The camp rejects the status quo internationally,[2] but tends to preserve it domestically.[15]

Within Iranian politics, "principlist" refers to the conservative supporters of the Supreme Leader of Iran and advocates for protecting the ideological "principles" of the Islamic Revolution's early days.[16] According to Hossein Mousavian, "The Principlists constitute the main right-wing/conservative political movement in Iran. They are more religiously oriented and more closely affiliated with the Qom-based clerical establishment than their moderate and reformist rivals".[17]

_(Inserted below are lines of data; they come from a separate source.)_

(* Let $m$ be an integer with $m \equiv 1 \pmod 4$ and $m \ge 5$, and let $n = 3^m - 1$. Then: (i) the ternary cyclic code $\mathcal{C}_{(0,3,m)}$ has length $n$ and dimension $(n+2)/2$, and the ternary cyclic code $\mathcal{C}_{(1,2,m)}$ has length $n$ and dimension $n/2$; (ii) the ternary cyclic code $\mathcal{C}_{(2,3,m)}$ has length $n$ and dimension $(n+2)/2$, and the ternary cyclic code $\mathcal{C}_{(0,1,m)}$ has length $n$ and dimension $n/2$.
   Context: Let $m \ge 2$ be an integer, $n = 3^m-1$, and let $\alpha$ be a primitive element of $\mathbb{F}_{3^m}$. For an integer $0 \le j \le n-1$ with $3$-adic expansion $j = \sum_{t=0}^{m-1} j_t 3^t$, $j_t \in \{0,1,2\}$, let $w_3(j) = \sum_{t=0}^{m-1} j_t$. For distinct $i_1, i_2 \in \{0,1,2,3\}$ let $T_{(i_1,i_2,m)} = \{1 \le j \le n-1 : w_3(j) \equiv i_1 \text{ or } i_2 \pmod 4\}$ and $g_{(i_1,i_2,m)}(x) = \prod_{j \in T_{(i_1,i_2,m)}} (x - \alpha^j) \in \mathbb{F}_3[x]$. $\mathcal{C}_{(i_1,i_2,m)}$ denotes the ternary cyclic code of length $n$ with generator polynomial $g_{(i_1,i_2,m)}(x)$, i.e. the ideal generated by $g_{(i_1,i_2,m)}(x)$ in $\mathbb{F}_3[x]/(x^n-1)$. *)

From HB Require Import structures.
From mathcomp Require Import all_boot all_order all_algebra all_field.
Set Implicit Arguments. Unset Strict Implicit. Unset Printing Implicit Defensive.
Import GRing.Theory.
Local Open Scope ring_scope.

Definition w3 (m j : nat) : nat := (\sum_(t < m) (j %/ 3 ^ t) %% 3)%N.

Definition Tset (i1 i2 m : nat) : seq nat :=
  [seq j <- index_iota 1 (3 ^ m - 1)%N | ((w3 m j %% 4 == i1)%N || (w3 m j %% 4 == i2)%N)].

Definition gpoly (L : fieldExtType 'F_3) (alpha : L) (i1 i2 m : nat) : {poly L} :=
  \prod_(j <- Tset i1 i2 m) ('X - (alpha ^+ j)%:P).

(* codewords of the cyclic code of length n generated by g: the vector
   (c_0, ..., c_{n-1}) such that c_0 + c_1 x + ... + c_{n-1} x^{n-1} lies in
   the ideal (g) of F_3[x]/(x^n - 1) *)
Definition is_codeword (n : nat) (g : {poly 'F_3}) (c : 'rV['F_3]_n) : Prop :=
  exists f : {poly 'F_3}, rVpoly c = (f * g) %% ('X^n - 1).

Definition code_has_dim (n : nat) (g : {poly 'F_3}) (k : nat) : Prop :=
  exists B : seq 'rV['F_3]_n,
    [/\ free B, size B = k & forall c, is_codeword g c <-> c \in <<B>>%VS].

From HB Require Import structures.
From mathcomp Require Import all_boot all_order all_algebra all_field.
From mathcomp Require Import zify.
Import GRing.Theory.

(* The cyclic code generated by a monic divisor g of X^n - 1 has dimension
   n - deg g, and the generator polynomial g_(i1,i2,m) has degree |T_(i1,i2,m)|,
   so everything reduces to counting exponents by digit sum.  Let N_r be the
   number of j < 3^m whose digit sum is r mod 4.  In the Gaussian integers,
   (N_0 - N_2) + i (N_1 - N_3) = sum_j i^(w3 j) = (1 + i + i^2)^m = i^m, so for
   m = 1 mod 4 we get N_0 = N_2 and N_1 = N_3 + 1; together with
   N_0 + N_1 + N_2 + N_3 = 3^m this determines every |T_(i1,i2,m)|, once the
   two excluded exponents 0 and 3^m - 1 (digit sums 0 and 2m) are taken into
   account. *)


Lemma w3S m j : w3 m.+1 j = (j %% 3 + w3 m (j %/ 3))%N.
Proof.
rewrite /w3 big_ord_recl /= expn0 divn1; congr (_ + _)%N.
by apply: eq_bigr => t _; rewrite /bump /= add1n expnS divnMA.
Qed.

Lemma w3_3mulD m q d : d < 3 -> w3 m.+1 (3 * q + d) = d + w3 m q.
Proof.
move=> ltd3; rewrite w3S.
have -> : (3 * q + d) %% 3 = d by lia.
by have -> : (3 * q + d) %/ 3 = q by lia.
Qed.

Lemma w3_0 m : w3 m 0 = 0.
Proof. by rewrite /w3 big1 // => t _; rewrite div0n mod0n. Qed.

Lemma w3_predX m : w3 m (3 ^ m - 1) = 2 * m.
Proof.
elim: m => [|m IHm]; first by rewrite /w3 big_ord0.
have pos3X := expn_gt0 3 m.
have -> : 3 ^ m.+1 - 1 = 3 * (3 ^ m - 1) + 2 by rewrite expnS; lia.
by rewrite w3_3mulD // IHm; lia.
Qed.

Lemma count_iota_mul3 (P : pred nat) K :
  count P (iota 0 (3 * K)) =
  count (fun q => P (3 * q)) (iota 0 K) + count (fun q => P (3 * q + 1)) (iota 0 K)
  + count (fun q => P (3 * q + 2)) (iota 0 K).
Proof.
elim: K => [//|K IHK].
rewrite mulnSr iotaD -(addn1 K) iotaD !count_cat IHK /= !add0n !addn0.
by rewrite -[(3 * K).+2]addn2 -[(3 * K).+1]addn1; lia.
Qed.

Definition wcount m r := count (fun j => w3 m j %% 4 == r) (iota 0 (3 ^ m)).

Lemma wcount_shift m d r : d < 4 -> r < 4 ->
  count (fun q => (d + w3 m q) %% 4 == r) (iota 0 (3 ^ m)) = wcount m ((r + 4 - d) %% 4).
Proof. by move=> ltd4 ltr4; apply: eq_count => q /=; apply/eqP/eqP; lia. Qed.

Lemma wcountS m r : r < 4 ->
  wcount m.+1 r = wcount m r + wcount m ((r + 3) %% 4) + wcount m ((r + 2) %% 4).
Proof.
move=> ltr4; rewrite {1}/wcount expnS count_iota_mul3.
under eq_count => q do rewrite -[3 * q]addn0 w3_3mulD //.
under [X in _ + X + _]eq_count => q do rewrite w3_3mulD //.
under [X in _ + X]eq_count => q do rewrite w3_3mulD //.
rewrite !wcount_shift //; congr (wcount m _ + wcount m _ + wcount m _); lia.
Qed.

Lemma wcountS4 m :
  [/\ wcount m.+1 0 = wcount m 0 + wcount m 3 + wcount m 2,
       wcount m.+1 1 = wcount m 1 + wcount m 0 + wcount m 3,
       wcount m.+1 2 = wcount m 2 + wcount m 1 + wcount m 0
     & wcount m.+1 3 = wcount m 3 + wcount m 2 + wcount m 1].
Proof. by rewrite !wcountS. Qed.

Lemma wcount_total m : wcount m 0 + wcount m 1 + wcount m 2 + wcount m 3 = 3 ^ m.
Proof.
elim: m => [|m IHm]; first by rewrite /wcount /w3 /= big_ord0.
by have [-> -> -> ->] := wcountS4 m; rewrite expnS -IHm; lia.
Qed.

(* The Gaussian integer sum_j i^(w3 m j) as a pair of coordinates; [rot90] is
   multiplication by i = 1 + i + i^2, the contribution of one more digit. *)
Definition wbalance m : int * int :=
  let a r := Posz (wcount m r) in (a 0%N - a 2%N, a 1%N - a 3%N)%R.

Definition rot90 (v : int * int) : int * int := (- v.2, v.1)%R.

Lemma wbalance_iter m : wbalance m = iter m rot90 (1, 0)%R.
Proof.
elim: m => [|m IHm]; first by rewrite /wbalance /wcount /w3 /= !big_ord0.
rewrite iterS -IHm /wbalance /rot90 /=.
by have [-> -> -> ->] := wcountS4 m; congr (_, _); lia.
Qed.

Lemma iter_rot90_mod4 k v : iter k rot90 v = iter (k %% 4) rot90 v.
Proof.
have rot90_4 w : iter 4 rot90 w = w by case: w => x y; rewrite /rot90 /= !opprK.
rewrite {1}(divn_eq k 4) addnC iterD; congr iter.
by elim: (k %/ 4) => [//|q IHq]; rewrite mulSn iterD rot90_4.
Qed.

Lemma wcount_mod4_1 m : m %% 4 = 1 ->
  wcount m 0 = wcount m 2 /\ wcount m 1 = wcount m 3 + 1.
Proof.
move=> m4; have := wbalance_iter m; rewrite iter_rot90_mod4 m4 /wbalance /rot90 /=.
by case=> ? ?; lia.
Qed.

(* The exponents 0 and 3^m - 1 are the two j < 3^m missing from [Tset]. *)
Lemma size_Tset i1 i2 m : i1 != i2 -> 0 < m ->
  let inT w := (w %% 4 == i1) || (w %% 4 == i2) in
  inT 0 + size (Tset i1 i2 m) + inT (2 * m) = wcount m i1 + wcount m i2.
Proof.
move=> ne12 m_gt0 inT.
have disj j : (w3 m j %% 4 == i1) && (w3 m j %% 4 == i2) = false.
  by apply/negbTE; apply: contra ne12 => /andP[/eqP <- /eqP <-].
rewrite /wcount -count_predUI (eq_count disj) count_pred0 addn0.
have le3X : 3 <= 3 ^ m by rewrite -{1}(expn1 3) leq_pexp2l.
have -> : 3 ^ m = 1 + (3 ^ m - 2) + 1 by lia.
rewrite !iotaD !count_cat /= w3_0 add0n.
have -> : 1 + (3 ^ m - 2) = 3 ^ m - 1 by lia.
rewrite w3_predX size_filter /index_iota !addn0.
by have -> : 3 ^ m - 1 - 1 = 3 ^ m - 2 by lia.
Qed.

Lemma size_Tset_mod4_1 m : m %% 4 = 1 -> let n := 3 ^ m - 1 in
  [/\ n - size (Tset 0 3 m) = (n + 2) %/ 2, n - size (Tset 1 2 m) = n %/ 2,
      n - size (Tset 2 3 m) = (n + 2) %/ 2 & n - size (Tset 0 1 m) = n %/ 2].
Proof.
move=> m4 n; have [e02 e13] := wcount_mod4_1 m m4; have tot := wcount_total m.
have m_gt0 : 0 < m by lia.
have two_m : 2 * m %% 4 = 2 by lia.
have := size_Tset 0 3 m isT m_gt0; have := size_Tset 1 2 m isT m_gt0.
have := size_Tset 2 3 m isT m_gt0; have := size_Tset 0 1 m isT m_gt0.
rewrite /= two_m /n /=; move=> *; split; lia.
Qed.

Local Open Scope ring_scope.

Section CyclicCodeDim.

Variables (n : nat) (g : {poly 'F_3}).
Hypotheses (n_gt0 : (0 < n)%N) (g_monic : g \is monic) (g_dvd : g %| 'X^n - 1).

Let k := (n - (size g).-1)%N.
Let basis : seq 'rV['F_3]_n := [seq poly_rV ('X^i * g) | i <- iota 0 k].

Let size_Xn_sub1 : size ('X^n - 1 : {poly 'F_3}) = n.+1.
Proof. by rewrite -polyC1 size_XnsubC. Qed.

Let size_g : (0 < size g <= n.+1)%N.
Proof.
rewrite size_poly_gt0 monic_neq0 //= -size_Xn_sub1 dvdp_leq //.
by rewrite -size_poly_eq0 size_Xn_sub1.
Qed.

Let size_mulg (h : {poly 'F_3}) : (size h <= k)%N -> (size (h * g)%R <= n)%N.
Proof.
by move=> size_h; have := size_polyMleq h g; have := size_g; rewrite /k in size_h; lia.
Qed.

Let size_basis : size basis = k.
Proof. by rewrite size_map size_iota. Qed.

Let nth_basis i : (i < k)%N -> rVpoly basis`_i = 'X^i * g.
Proof.
move=> lt_ik; rewrite (nth_map 0%N) ?size_iota // nth_iota // add0n poly_rV_K //.
by apply: size_mulg; rewrite size_polyXn.
Qed.

Lemma codewordP (c : 'rV['F_3]_n) : is_codeword g c <-> g %| rVpoly c.
Proof.
split=> [[f ->] | g_dvd_c]; first by rewrite -dvdp_mod // dvdp_mull.
exists (rVpoly c %/ g); rewrite divpK // modp_small // size_Xn_sub1 ltnS.
exact: size_poly.
Qed.

Lemma span_basisP (c : 'rV['F_3]_n) : c \in <<basis>>%VS <-> g %| rVpoly c.
Proof.
split=> [/coord_span -> | g_dvd_c].
  rewrite linear_sum; apply: (big_ind (fun p => g %| p)) => [|p q|i _].
  - exact: dvdp0.
  - exact: dvdp_add.
  by rewrite linearZ /= -mul_polyC dvdp_mull // nth_basis -?size_basis // dvdp_mull.
set h := rVpoly c %/ g; have c_hg : rVpoly c = h * g by rewrite divpK.
have size_h : (size h <= k)%N by rewrite size_divp ?monic_neq0 // leq_sub2r ?size_poly.
rewrite -[c]rVpolyK c_hg -[h]coefK poly_def mulr_suml linear_sum /=.
apply: rpred_sum => i _; rewrite -scalerAl linearZ /=; apply/rpredZ/memv_span.
by apply: map_f; rewrite mem_iota add0n (leq_trans (ltn_ord i) size_h).
Qed.

Lemma free_basis : free basis.
Proof.
apply/(@freeP _ _ _ (in_tuple basis)) => a /(congr1 rVpoly); rewrite linear_sum linear0.
under eq_bigr => i _ do rewrite linearZ /= nth_basis -?size_basis // scalerAl.
rewrite -mulr_suml => /eqP; rewrite mulf_eq0 (negbTE (monic_neq0 g_monic)) orbF.
move=> /eqP sum_a0 j.
have := congr1 (coefp j) sum_a0; rewrite /= coef_sum coef0 (bigD1 j) //= big1.
  by rewrite addr0 coefZ coefXn eqxx mulr1.
by move=> i ne_ij; rewrite coefZ coefXn (inj_eq val_inj) eq_sym (negbTE ne_ij) mulr0.
Qed.

Lemma code_has_dim_monic_dvd : code_has_dim n g (n - (size g).-1).
Proof.
exists basis; split; [exact: free_basis | exact: size_basis |].
by move=> c; rewrite codewordP span_basisP.
Qed.

End CyclicCodeDim.

Lemma prod_XsubC_prim_root_dvdp (F : fieldType) n (z : F) (s : seq nat) :
  n.-primitive_root z -> uniq s -> all (fun j => j < n)%N s ->
  \prod_(j <- s) ('X - (z ^+ j)%:P) %| 'X^n - 1.
Proof.
move=> z_prim s_uniq s_lt_n.
rewrite -(big_map (fun j => z ^+ j) xpredT (fun x => 'X - x%:P)).
apply: uniq_roots_dvdp.
  apply/allP => _ /mapP[j _ ->].
  by rewrite rootE !hornerE -exprM mulnC exprM (prim_expr_order z_prim) expr1n subrr.
rewrite uniq_rootsE map_inj_in_uniq // => i j /(allP s_lt_n) lt_in /(allP s_lt_n) lt_jn.
by move/eqP; rewrite (eq_prim_root_expr z_prim) !modn_small // => /eqP.
Qed.

Section GeneratorPolynomial.

Variables (L : fieldExtType 'F_3) (alpha : L) (i1 i2 m : nat).

Lemma gpoly_monic : gpoly alpha i1 i2 m \is monic.
Proof. exact: monic_prod_XsubC. Qed.

Lemma size_gpoly : size (gpoly alpha i1 i2 m) = (size (Tset i1 i2 m)).+1.
Proof. exact: size_prod_XsubC. Qed.

Lemma gpoly_dvdp :
  (3 ^ m - 1).-primitive_root alpha -> gpoly alpha i1 i2 m %| 'X^(3 ^ m - 1) - 1.
Proof.
move=> alpha_prim; apply: prod_XsubC_prim_root_dvdp => //.
  by rewrite filter_uniq ?iota_uniq.
apply/allP => j; rewrite mem_filter mem_iota /index_iota => /andP[_].
by move=> /andP[j_ge1 j_lt] /=; lia.
Qed.

Lemma code_has_dim_gpoly (g : {poly 'F_3}) :
  (3 ^ m - 1).-primitive_root alpha -> map_poly (GRing.in_alg L) g = gpoly alpha i1 i2 m ->
  code_has_dim (3 ^ m - 1) g (3 ^ m - 1 - size (Tset i1 i2 m)).
Proof.
move=> alpha_prim g_gpoly.
have <- : (size g).-1 = size (Tset i1 i2 m).
  by rewrite -(size_map_poly (GRing.in_alg L)) g_gpoly size_gpoly.
apply: code_has_dim_monic_dvd; first exact: prim_order_gt0 alpha_prim.
  by rewrite -(map_monic (GRing.in_alg L)) g_gpoly gpoly_monic.
rewrite -(dvdp_map (GRing.in_alg L)) g_gpoly rmorphB /= map_polyXn rmorph1.
exact: gpoly_dvdp.
Qed.

End GeneratorPolynomial.

Theorem theorem2 (m : nat) (L : fieldExtType 'F_3) (alpha : L)
  (g03 g12 g23 g01 : {poly 'F_3}) :
  (m %% 4 = 1)%N -> (5 <= m)%N ->
  \dim {: L} = m ->
  (3 ^ m - 1).-primitive_root alpha ->
  map_poly (GRing.in_alg L) g03 = gpoly alpha 0 3 m ->
  map_poly (GRing.in_alg L) g12 = gpoly alpha 1 2 m ->
  map_poly (GRing.in_alg L) g23 = gpoly alpha 2 3 m ->
  map_poly (GRing.in_alg L) g01 = gpoly alpha 0 1 m ->
  let n := (3 ^ m - 1)%N in
  (code_has_dim n g03 ((n + 2) %/ 2) /\ code_has_dim n g12 (n %/ 2)) /\
  (code_has_dim n g23 ((n + 2) %/ 2) /\ code_has_dim n g01 (n %/ 2)).
Proof.
move=> m4 _ _ alpha_prim e03 e12 e23 e01 n.
have [s03 s12 s23 s01] := size_Tset_mod4_1 m m4.
split; split.
- by rewrite -s03; apply: code_has_dim_gpoly alpha_prim e03.
- by rewrite -s12; apply: code_has_dim_gpoly alpha_prim e12.
- by rewrite -s23; apply: code_has_dim_gpoly alpha_prim e23.
- by rewrite -s01; apply: code_has_dim_gpoly alpha_prim e01.
Qed.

A declaration issued by The Two Societies, which serves as the Principlists "manifesto", focuses on loyalty to Islam and the Iranian Revolution, obedience to the Supreme Leader of Iran, and devotion to the principle of Vilayat Faqih.[18]

According to a poll conducted by the Iranian Students Polling Agency (ISPA) in April 2017, 15% of Iranians identify as leaning Principlist. In comparison, 28% identify as leaning Reformist.[19]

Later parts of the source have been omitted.